Bootstrapping demos with BootstrapFewShot
Useful as a comparison point: how much of the lift is from demos
alone? BootstrapFewShot keeps the instruction untouched and only
adds demos that pass the metric.
Dsxir.context(lm_frame.(), fn ->
prog = Dsxir.Program.new(MyApp.Moderation.Program)
{:ok, bfs_compiled, bfs_stats} =
Dsxir.compile(
Dsxir.Optimizer.BootstrapFewShot,
prog,
trainset,
&MyApp.Moderation.Metric.score/3,
max_labeled_demos: 2,
max_bootstrapped_demos: 4,
threshold: 0.7
)
result = Dsxir.evaluate(ev, bfs_compiled)

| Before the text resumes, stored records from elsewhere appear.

(* Let $V$ be a reflexive Banach space, $1<p<\infty$, and let $W$ be a Banach space compactly embedded in $V$. If $g\in L^p_b(\mathbb R,W)$, then $g$ is space regular as a function in $L^p_b(\mathbb R,V)$.
   Context: $L^p_b(\mathbb R,X)$ has norm $\sup_{s\in\mathbb R}\|g\|_{L^p((s,s+1),X)}$. A function $g\in L^p_b(\mathbb R,V)$ is space regular if for every $\varepsilon>0$ there exist a finite-dimensional subspace $V_\varepsilon\subset V$ and $g_\varepsilon\in L^p_b(\mathbb R,V_\varepsilon)$ with $\|g-g_\varepsilon\|_{L^p_b(\mathbb R,V)}\le\varepsilon$. *)

From HB Require Import structures.
From mathcomp Require Import all_boot all_order all_algebra.
From mathcomp Require Import all_classical all_reals all_analysis.
Set Implicit Arguments. Unset Strict Implicit. Unset Printing Implicit Defensive.
Import Order.TTheory GRing.Theory Num.Theory.
Import numFieldNormedType.Exports.
Local Open Scope classical_set_scope.
Local Open Scope ring_scope.

Definition simple_fun {R : realType} {X : normedModType R} (f : R -> X) : Prop :=
  (exists vs : seq X, forall t, f t \in vs) /\
  (forall v : X, measurable (f @^-1` [set v])).

Definition strongly_measurable {R : realType} {X : normedModType R} (f : R -> X) : Prop :=
  exists s : nat -> R -> X, (forall n, simple_fun (s n)) /\
    {ae (@lebesgue_measure R), forall t, s n t @[n --> \oo] --> f t}.

Definition Lp_local_norm {R : realType} {X : normedModType R} (p : R) (f : R -> X) (s : R)
  : \bar R :=
  ((\int[@lebesgue_measure R]_(t in `]s, (s + 1)%R[) ((`|f t| `^ p)%:E)) `^ p^-1)%E.

Definition Lpb_norm {R : realType} {X : normedModType R} (p : R) (f : R -> X) : \bar R :=
  ereal_sup (range (Lp_local_norm p f)).

Definition in_Lpb {R : realType} {X : normedModType R} (p : R) (f : R -> X) : Prop :=
  strongly_measurable f /\ (Lpb_norm p f < +oo)%E.

Definition in_span {R : realType} {X : normedModType R} (vs : seq X) (x : X) : Prop :=
  exists c : nat -> R, x = \sum_(k < size vs) c k *: vs`_k.
Lemma anc_antisym u v : anc u v -> anc v u -> u = v.
Proof. by move=> uv /anc_depth; apply: anc_depth_eq. Qed.

Lemma anc_strict_par a c p : anc a c -> a != c -> par c = Some p -> anc a p.
Proof.
move=> [[|k] hk] ne hp; first by move: ne; case: hk => ->; rewrite eqxx.
by exists k; rewrite -hk -addn1 piter_add /= hp.
Qed.

Lemma anc_total a b y : anc a y -> anc b y -> anc a b \/ anc b a.
Proof.
move=> [m hm] [n hn]; case/orP: (leq_total m n) => le.
  by right; exists (n - m); move: hn; rewrite -(subnK le) piter_add hm addnK.
by left; exists (m - n); move: hm; rewrite -(subnK le) piter_add hn addnK.
Qed.

Lemma sibling_anc a b q : par a = Some q -> par b = Some q -> anc a b -> a = b.
Proof.
by move=> /depth_par ha /depth_par hb ab; apply: anc_depth_eq ab _; rewrite ha hb.
Qed.

Lemma branch_anc_head a s y : is_branch par (a :: s) -> y \in a :: s -> anc a y.
Proof.
elim: s a => [|b s IH] a; rewrite /is_branch.
  by move=> _; rewrite inE => /eqP ->; apply: anc_refl.
move=> /= /andP [/eqP hab hs]; rewrite inE => /predU1P [-> | hy]; first exact: anc_refl.
exact: anc_trans (anc_par hab) (IH b hs hy).
Qed.

Lemma branch_anc_last a s y : is_branch par (a :: s) -> y \in a :: s -> anc y (last a s).
Proof.
elim: s a y => [|b s IH] a y; rewrite /is_branch.
  by move=> _; rewrite inE => /eqP ->; apply: anc_refl.
move=> /= /andP [/eqP hab hs]; rewrite inE => /predU1P [-> | hy]; last exact: IH.
exact: anc_trans (anc_par hab) (IH b b hs (mem_head b s)).
Qed.

Lemma branch_convex a s v y :
  is_branch par (a :: s) -> v \in a :: s -> anc a y -> anc y v -> y \in a :: s.
Proof.
elim: s a => [|b s IH] a; rewrite /is_branch.
  by move=> _; rewrite inE => /eqP -> ay ya; rewrite (anc_antisym ay ya) mem_head.
move=> /= /andP [/eqP hab hs]; rewrite inE => /predU1P [-> | hv] ay yv.
  by rewrite (anc_antisym ay yv) mem_head.
have [-> | nya] := eqVneq y a; first exact: mem_head.
have [yb | by'] := anc_total yv (branch_anc_head hs hv);
  last by rewrite inE (IH b hs hv by' yv) orbT.
have [<- | nyb] := eqVneq y b; first by rewrite !inE eqxx orbT.
by move: nya; rewrite (anc_antisym ay (anc_strict_par yb nyb hab)) eqxx.
Qed.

%{stats: bfs_stats, score: result.score}
end)
%{
stats: %{
threshold: 0.7,
error_count: 0,
max_errors: 10,
bootstrapped_demos: 4,
labeled_demos: 2,
predictor_count: 1,
rounds: 1
},
score: 93.3
}
A modest lift. We now expect MIPROv2 to do at least as well, since its search space contains “current instruction + bootstrapped demos” as one of the candidate configs.
Optimizing with MIPROv2
The headline call. auto: :light keeps the trial budget small for the
walkthrough.
Dsxir.Optimizer.MIPROv2.Auto.preset(:light)
%{minibatch_size: 25, num_demo_sets: 2, num_instruction_candidates: 3, num_trials: 6}
Dsxir.Optimizer.MIPROv2.Auto.preset(:medium)
%{minibatch_size: 25, num_demo_sets: 4, num_instruction_candidates: 5, num_trials: 18}
Six trials, three instruction candidates per predictor, two demo
bundles per predictor. The search space for our single predictor has
(1 + 3) * (1 + 2) = 12 configs, of which six will be sampled.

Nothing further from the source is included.